#### DESCRIPTION OF THE TASK:
Copy out the lines below that hold the word "unfold".

^^^^

(* If $t\in\mathtt T_J$ is typable in $\cap J$ (i.e. $\Gamma\vdash t:\sigma$ for some $\Gamma,\sigma$), then $t$ is strongly normalizing for $\to_\beta\cup\to_\pi$.
   Context: Terms $\mathtt T_J$: $t,u,r ::= x \mid \lambda x.t \mid t(u,y.r)$ ($y$ bound in $r$), up to $\alpha$-equivalence; $\{u/x\}t$ capture-avoiding substitution. Rules of $\Lambda J$: $\beta$: $(\lambda x.t)(u,y.r)\mapsto\{\{u/x\}t/y\}r$; $\pi$: $t(u,x.r)(u',y.r')\mapsto t(u,x.r(u',y.r'))$ (with $x\notin\mathrm{fv}(u')\cup\mathrm{fv}(r')$); $\to_\beta,\to_\pi$ their closures under all contexts. System $\cap J$: types $\sigma,\tau ::= \alpha \mid \mathcal M\to\sigma$, $\mathcal M=[\sigma_i]_{i\in I}$ a finite possibly empty multiset; $\sqcup$ multiset union; environments map variables to multisets, $\wedge$ pointwise union, $\Gamma;x:\mathcal M$ extension with $x\notin\mathrm{dom}\,\Gamma$. $\mathrm{ch}(\mathcal M)=\mathcal M$ if $\mathcal M\ne[\,]$, $\mathrm{ch}([\,])=[\tau]$ for an arbitrary $\tau$. Rules: (var) $x:[\sigma]\vdash x:\sigma$; (abs) from $\Gamma;x:\mathcal M\vdash t:\sigma$ infer $\Gamma\vdash\lambda x.t:\mathcal M\to\sigma$; (many) from $(\Gamma_i\vdash t:\sigma_i)_{i\in I}$, $I\ne\emptyset$, infer $\wedge_i\Gamma_i\vdash t:[\sigma_i]_{i\in I}$; (app) from $\Gamma\vdash t:\mathrm{ch}([\mathcal M_i\to\tau_i]_{i\in I})$, $\Delta\vdash u:\mathrm{ch}(\sqcup_i\mathcal M_i)$, $\Lambda;y:[\tau_i]_{i\in I}\vdash r:\sigma$ infer $\Gamma\wedge\Delta\wedge\Lambda\vdash t(u,y.r):\sigma$. *)

(* Terms of Lambda J with de Bruijn indices (alpha-equivalence
   built in), reductions ->beta, ->pi, and the non-idempotent intersection
   type system cap J, with multisets represented as lists up to permutation. *)
From Stdlib Require Import List Arith Permutation.
Import ListNotations.

(* Var n | Lam t (binds 0 in t) | App t u r  = t(u, y.r), binds 0 in r *)
Inductive tm : Type :=
| Var : nat -> tm
| Lam : tm -> tm
| App : tm -> tm -> tm -> tm.

Fixpoint lift (k c : nat) (t : tm) : tm :=
  match t with
  | Var m => if m <? c then Var m else Var (m + k)
  | Lam t1 => Lam (lift k (S c) t1)
  | App t1 t2 r => App (lift k c t1) (lift k c t2) (lift k (S c) r)
  end.

Fixpoint subst (n : nat) (u : tm) (t : tm) : tm :=
  match t with
  | Var m => if m <? n then Var m
             else if m =? n then lift n 0 u
             else Var (m - 1)
  | Lam t1 => Lam (subst (S n) u t1)
  | App t1 t2 r => App (subst n u t1) (subst n u t2) (subst (S n) u r)
  end.

Inductive step : tm -> tm -> Prop :=
| step_beta : forall t u r,
    (* (\x.t)(u, y.r) |-> {{u/x}t / y} r *)
    step (App (Lam t) u r) (subst 0 (subst 0 u t) r)
| step_pi : forall t u r u' r',
    (* t(u,x.r)(u',y.r') |-> t(u, x.r(u',y.r')), x fresh for u', r' *)
    step (App (App t u r) u' r') (App t u (App r (lift 1 0 u') (lift 1 1 r')))
| step_lam : forall t t', step t t' -> step (Lam t) (Lam t')
| step_app1 : forall t t' u r, step t t' -> step (App t u r) (App t' u r)
| step_app2 : forall t u u' r, step u u' -> step (App t u r) (App t u' r)
| step_app3 : forall t u r r', step r r' -> step (App t u r) (App t u r').

Definition SN (t : tm) : Prop := Acc (fun b a => step a b) t.

Inductive ty : Type :=
| TVar : nat -> ty
| Arr : list ty -> ty -> ty.

Definition mty := list ty.

Inductive ty_eqv : ty -> ty -> Prop :=
| eqv_tvar : forall a, ty_eqv (TVar a) (TVar a)
| eqv_arr : forall M N M' s s',
    Permutation M N -> Forall2 ty_eqv N M' -> ty_eqv s s' ->
    ty_eqv (Arr M s) (Arr M' s').

Definition mty_eqv (M M' : mty) : Prop :=
  exists N, Permutation M N /\ Forall2 ty_eqv N M'.

(* environments: total maps, x notin dom G iff G x = [] *)
Definition env := nat -> mty.
Definition env_eqv (G G' : env) : Prop := forall x, mty_eqv (G x) (G' x).
Definition env_union (G D : env) : env := fun x => G x ++ D x.
Definition env_single (x : nat) (s : ty) : env :=
  fun y => if y =? x then [s] else [].
(* G ; 0 : M  (the bound variable 0 is fresh for the shifted G) *)
Definition env_ext (M : mty) (G : env) : env :=
  fun y => match y with 0 => M | S y' => G y' end.

Definition is_ch (M N : mty) : Prop :=
  (M <> [] /\ N = M) \/ (M = [] /\ exists tau, N = [tau]).

Inductive typ : env -> tm -> ty -> Prop :=
| typ_var : forall x s, typ (env_single x s) (Var x) s
| typ_abs : forall G M t s, typ (env_ext M G) t s -> typ G (Lam t) (Arr M s)
| typ_app : forall (G D L : env) t u r s (As : list (mty * ty)) Mt Mu,
    (* As = [(M_i, tau_i)]_{i in I} *)
    is_ch (map (fun p => Arr (fst p) (snd p)) As) Mt ->
    typm G t Mt ->
    is_ch (concat (map fst As)) Mu ->
    typm D u Mu ->
    typ (env_ext (map snd As) L) r s ->
    typ (env_union G (env_union D L)) (App t u r) s
(* judgments are taken up to multiset equality *)
| typ_conv : forall G G' t s s',
    typ G t s -> env_eqv G G' -> ty_eqv s s' -> typ G' t s'
with typm : env -> tm -> mty -> Prop :=
(* rule (many), with nonempty I, built one premise at a time *)
| typm_one : forall G t s, typ G t s -> typm G t [s]
| typm_cons : forall G D t s M,
    typ G t s -> typm D t M -> typm (env_union G D) t (s :: M)
| typm_conv : forall G G' t M M',
    typm G t M -> env_eqv G G' -> mty_eqv M M' -> typm G' t M'.

(* Derivations in cap J are non-idempotent: an argument is typed once for
   each use of the bound variable, so substitution needs no duplication of
   derivations and a beta-step strictly decreases the size of a typing
   derivation. A pi-step only regroups the premises of the two application
   rules, so it does not increase the size; it does decrease the weight of the
   term when the head of an application is counted twice. Every step thus
   decreases (size, weight) lexicographically, which is well founded. *)

From Stdlib Require Import List Arith Permutation Lia ClassicalEpsilon FunctionalExtensionality.
Import ListNotations.
Set Implicit Arguments.

Definition ty_nested_ind (P : ty -> Prop) (HV : forall a, P (TVar a))
  (HA : forall M s, Forall P M -> P s -> P (Arr M s)) : forall s, P s :=
  fix F s := match s with
  | TVar a => HV a
  | Arr M s' => HA M s' ((fix FM (l : list ty) : Forall P l :=
      match l with
      | [] => Forall_nil P
      | x :: l' => Forall_cons x (F x) (FM l')
      end) M) (F s')
  end.

Lemma Forall2_Permutation_r {A B} (R : A -> B -> Prop) l1 l2 l3 :
  Forall2 R l1 l2 -> Permutation l2 l3 ->
  exists l1', Permutation l1 l1' /\ Forall2 R l1' l3.
Proof.
  intros HR HP.
  destruct (Permutation_Forall2 HP (Forall2_flip HR)) as (l1' & HP' & HR').
  exists l1'. split; [exact HP'|exact (Forall2_flip HR')].
Qed.

Lemma ty_eqv_refl : forall s, ty_eqv s s.
Proof.
  apply ty_nested_ind; [constructor|].
  intros M s HM Hs. apply eqv_arr with M; [reflexivity| |exact Hs].
  induction HM; constructor; auto.
Qed.

Lemma ty_eqv_sym : forall s s', ty_eqv s s' -> ty_eqv s' s.
Proof.
  apply (ty_nested_ind (P := fun s => forall s', ty_eqv s s' -> ty_eqv s' s)).
  - intros a s' H. inversion H. constructor.
  - intros M s HM Hs s' H. inversion H as [|M0 N M' s0 s'' HP HF Hss]; subst.
    assert (HN : Forall (fun a => forall b, ty_eqv a b -> ty_eqv b a) N)
      by exact (Permutation_Forall HP HM).
    assert (HF' : Forall2 ty_eqv M' N).
    { clear - HF HN. induction HF; inversion HN; constructor; auto. }
    destruct (Forall2_Permutation_r HF' (Permutation_sym HP)) as (Z & HZ & HFZ).
    econstructor; eauto.
Qed.

Lemma ty_eqv_trans : forall s1 s2 s3, ty_eqv s1 s2 -> ty_eqv s2 s3 -> ty_eqv s1 s3.
Proof.
  apply (ty_nested_ind
    (P := fun s1 => forall s2 s3, ty_eqv s1 s2 -> ty_eqv s2 s3 -> ty_eqv s1 s3)).
  - intros a s2 s3 H12 H23. inversion H12; subst. exact H23.
  - intros M s HM Hs s2 s3 H12 H23.
    inversion H12 as [|M0 N M' s0 s' HP HF Hss']; subst.
    inversion H23 as [|M0 N1 M'' s0 s'' HP1 HF1 Hs's'']; subst.
    destruct (Forall2_Permutation_r HF HP1) as (Z & HZ & HFZ).
    assert (HMZ : Forall (fun a => forall b c, ty_eqv a b -> ty_eqv b c -> ty_eqv a c) Z)
      by exact (Permutation_Forall (perm_trans HP HZ) HM).
    econstructor; [exact (perm_trans HP HZ)| |eauto].
    clear - HFZ HF1 HMZ. revert M'' HF1.
    induction HFZ; intros M'' HF1; inversion HF1; inversion HMZ; subst; constructor; eauto.
Qed.

(* Multiplicity of [a] in [M] up to [ty_eqv]: multiset inclusions between
   environments become linear arithmetic on these counts. *)
Definition eqv_dec (a b : ty) : {ty_eqv a b} + {~ ty_eqv a b} :=
  excluded_middle_informative _.

Fixpoint mult (a : ty) (M : mty) : nat :=
  match M with
  | [] => 0
  | b :: M' => (if eqv_dec a b then 1 else 0) + mult a M'
  end.

Lemma mult_app a M N : mult a (M ++ N) = mult a M + mult a N.
Proof. induction M as [|b M IH]; simpl; [reflexivity|]. rewrite IH. lia. Qed.

Lemma mult_perm a M N : Permutation M N -> mult a M = mult a N.
Proof. induction 1; simpl; lia. Qed.

Lemma mult_Forall2 a M N : Forall2 ty_eqv M N -> mult a M = mult a N.
Proof.
  induction 1 as [|b c M N Hbc _ IH]; simpl; [reflexivity|]. rewrite IH.
  destruct (eqv_dec a b), (eqv_dec a c); try reflexivity; exfalso.
  - eauto using ty_eqv_trans.
  - eauto using ty_eqv_trans, ty_eqv_sym.
Qed.

Lemma mty_eqv_mult M N : mty_eqv M N -> forall a, mult a M = mult a N.
Proof.
  intros (Z & HP & HF) a. rewrite (mult_perm a HP). exact (mult_Forall2 a HF).
Qed.

Lemma mult_self_pos a M : 0 < mult a (a :: M).
Proof. simpl. destruct (eqv_dec a a) as [_|Hn]; [lia|elim Hn; apply ty_eqv_refl]. Qed.

Lemma mult_pos_split a N : 0 < mult a N -> exists N1 c N2, N = N1 ++ c :: N2 /\ ty_eqv a c.
Proof.
  induction N as [|c N IH]; simpl; intro H; [lia|].
  destruct (eqv_dec a c) as [Hac|Hac].
  - exists [], c, N. auto.
  - destruct (IH H) as (N1 & c' & N2 & -> & Hac'). exists (c :: N1), c', N2. auto.
Qed.

Definition env_le (G G' : env) : Prop := forall x a, mult a (G x) <= mult a (G' x).

Ltac env_lia :=
  unfold env_le; let x := fresh "x" in let a := fresh "a" in intros x a;
  repeat match goal with H : env_le _ _ |- _ => specialize (H x a) end;
  unfold env_union in *; rewrite ?mult_app in *; simpl mult in *; lia.

Lemma env_le_refl G : env_le G G.
Proof. env_lia. Qed.

Lemma env_eqv_le G G' : env_eqv G G' -> env_le G G'.
Proof. intros H x a. rewrite (mty_eqv_mult (H x)). lia. Qed.

Lemma env_ext_le M M' G G' :
  (forall a, mult a M <= mult a M') -> env_le G G' -> env_le (env_ext M G) (env_ext M' G').
Proof. intros HM HG [|x] a; simpl; auto. Qed.

Definition env_empty : env := fun _ => [].

Definition env_shift (k c : nat) (G : env) : env :=
  fun y => if y <? c then G y else if y <? c + k then [] else G (y - k).

Definition env_drop (k : nat) (G : env) : env :=
  fun y => if y <? k then G y else G (S y).

Ltac index_cases :=
  repeat match goal with
  | |- context [?a <? ?b] => destruct (Nat.ltb_spec a b)
  | |- context [?a =? ?b] => destruct (Nat.eqb_spec a b)
  end; try reflexivity; try (exfalso; lia).

Lemma env_shift_union k c G H :
  env_shift k c (env_union G H) = env_union (env_shift k c G) (env_shift k c H).
Proof. extensionality y. unfold env_shift, env_union. index_cases. Qed.

Lemma env_shift_ext k c M G :
  env_shift k (S c) (env_ext M G) = env_ext M (env_shift k c G).
Proof.
  extensionality y. destruct y as [|y]; [reflexivity|]. unfold env_shift.
  cbn [env_ext]. index_cases. replace (S y - k) with (S (y - k)) by lia. reflexivity.
Qed.

Lemma env_shift_single k c x s :
  env_shift k c (env_single x s) = env_single (if x <? c then x else x + k) s.
Proof.
  extensionality y. unfold env_shift, env_single. index_cases; f_equal; lia.
Qed.

Lemma env_shift_0 c G : env_shift 0 c G = G.
Proof. extensionality y. unfold env_shift. index_cases. f_equal. lia. Qed.

Lemma env_shift_S_0 k G : env_shift (S k) 0 G = env_ext [] (env_shift k 0 G).
Proof. extensionality y. destruct y as [|y]; reflexivity. Qed.

Lemma env_shift_le k c G G' : env_le G G' -> env_le (env_shift k c G) (env_shift k c G').
Proof. intros H x a. unfold env_shift. index_cases; auto. Qed.

Lemma env_drop_union k G H :
  env_drop k (env_union G H) = env_union (env_drop k G) (env_drop k H).
Proof. extensionality y. unfold env_drop, env_union. index_cases. Qed.

Lemma env_drop_ext k M G : env_drop (S k) (env_ext M G) = env_ext M (env_drop k G).
Proof. extensionality y. destruct y as [|y]; reflexivity. Qed.

Lemma env_drop_0_ext M G : env_drop 0 (env_ext M G) = G.
Proof. reflexivity. Qed.

Lemma env_drop_single k x s : x <> k ->
  env_drop k (env_single x s) = env_single (if x <? k then x else x - 1) s.
Proof.
  intro Hxk. extensionality y. unfold env_drop, env_single. index_cases; f_equal; lia.
Qed.

Lemma env_drop_le k G G' : env_le G G' -> env_le (env_drop k G) (env_drop k G').
Proof. intros H x a. unfold env_drop. index_cases; auto. Qed.

Lemma env_union_ext X Y G H :
  env_union (env_ext X G) (env_ext Y H) = env_ext (X ++ Y) (env_union G H).
Proof. extensionality y. destruct y as [|y]; reflexivity. Qed.

Lemma env_drop_shift_ext k M G D :
  env_union (env_drop (S k) (env_ext M G)) (env_shift (S k) 0 D)
  = env_ext M (env_union (env_drop k G) (env_shift k 0 D)).
Proof. rewrite env_drop_ext, env_shift_S_0, env_union_ext, app_nil_r. reflexivity. Qed.

(** * Sized typing, lifting and substitution *)

Definition arrows (As : list (mty * ty)) : mty := map (fun p => Arr (fst p) (snd p)) As.

(* Cap J indexed by the size [n] of the derivation (number of var/abs/app
   rules), with weakening folded into the conversion rule: a beta-step may
   erase an argument typed through ch([]) = [tau], whose environment must then
   be absorbed. Unlike rule (many), [stypm] also types the empty multiset. *)
Inductive styp : env -> tm -> ty -> nat -> Prop :=
| styp_var x s : styp (env_single x s) (Var x) s 1
| styp_abs G M t s n : styp (env_ext M G) t s n -> styp G (Lam t) (Arr M s) (S n)
| styp_app G D L t u r s As Mt Mu n1 n2 n3 :
    is_ch (arrows As) Mt -> stypm G t Mt n1 ->
    is_ch (concat (map fst As)) Mu -> stypm D u Mu n2 ->
    styp (env_ext (map snd As) L) r s n3 ->
    styp (env_union G (env_union D L)) (App t u r) s (S (n1 + n2 + n3))
| styp_sub G G' t s s' n : styp G t s n -> env_le G G' -> ty_eqv s s' -> styp G' t s' n
with stypm : env -> tm -> mty -> nat -> Prop :=
| stypm_nil G t : stypm G t [] 0
| stypm_cons G G1 G2 t s M n1 n2 :
    styp G1 t s n1 -> stypm G2 t M n2 -> env_le (env_union G1 G2) G ->
    stypm G t (s :: M) (n1 + n2).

^^^^

#### WRITTEN RESPONSE:
  unfold env_le; let x := fresh "x" in let a := fresh "a" in intros x a;
  unfold env_union in *; rewrite ?mult_app in *; simpl mult in *; lia.
Proof. extensionality y. unfold env_shift, env_union. index_cases. Qed.
  extensionality y. destruct y as [|y]; [reflexivity|]. unfold env_shift.
  extensionality y. unfold env_shift, env_single. index_cases; f_equal; lia.
Proof. extensionality y. unfold env_shift. index_cases. f_equal. lia. Qed.
Proof. intros H x a. unfold env_shift. index_cases; auto. Qed.
Proof. extensionality y. unfold env_drop, env_union. index_cases. Qed.
  intro Hxk. extensionality y. unfold env_drop, env_single. index_cases; f_equal; lia.
Proof. intros H x a. unfold env_drop. index_cases; auto. Qed.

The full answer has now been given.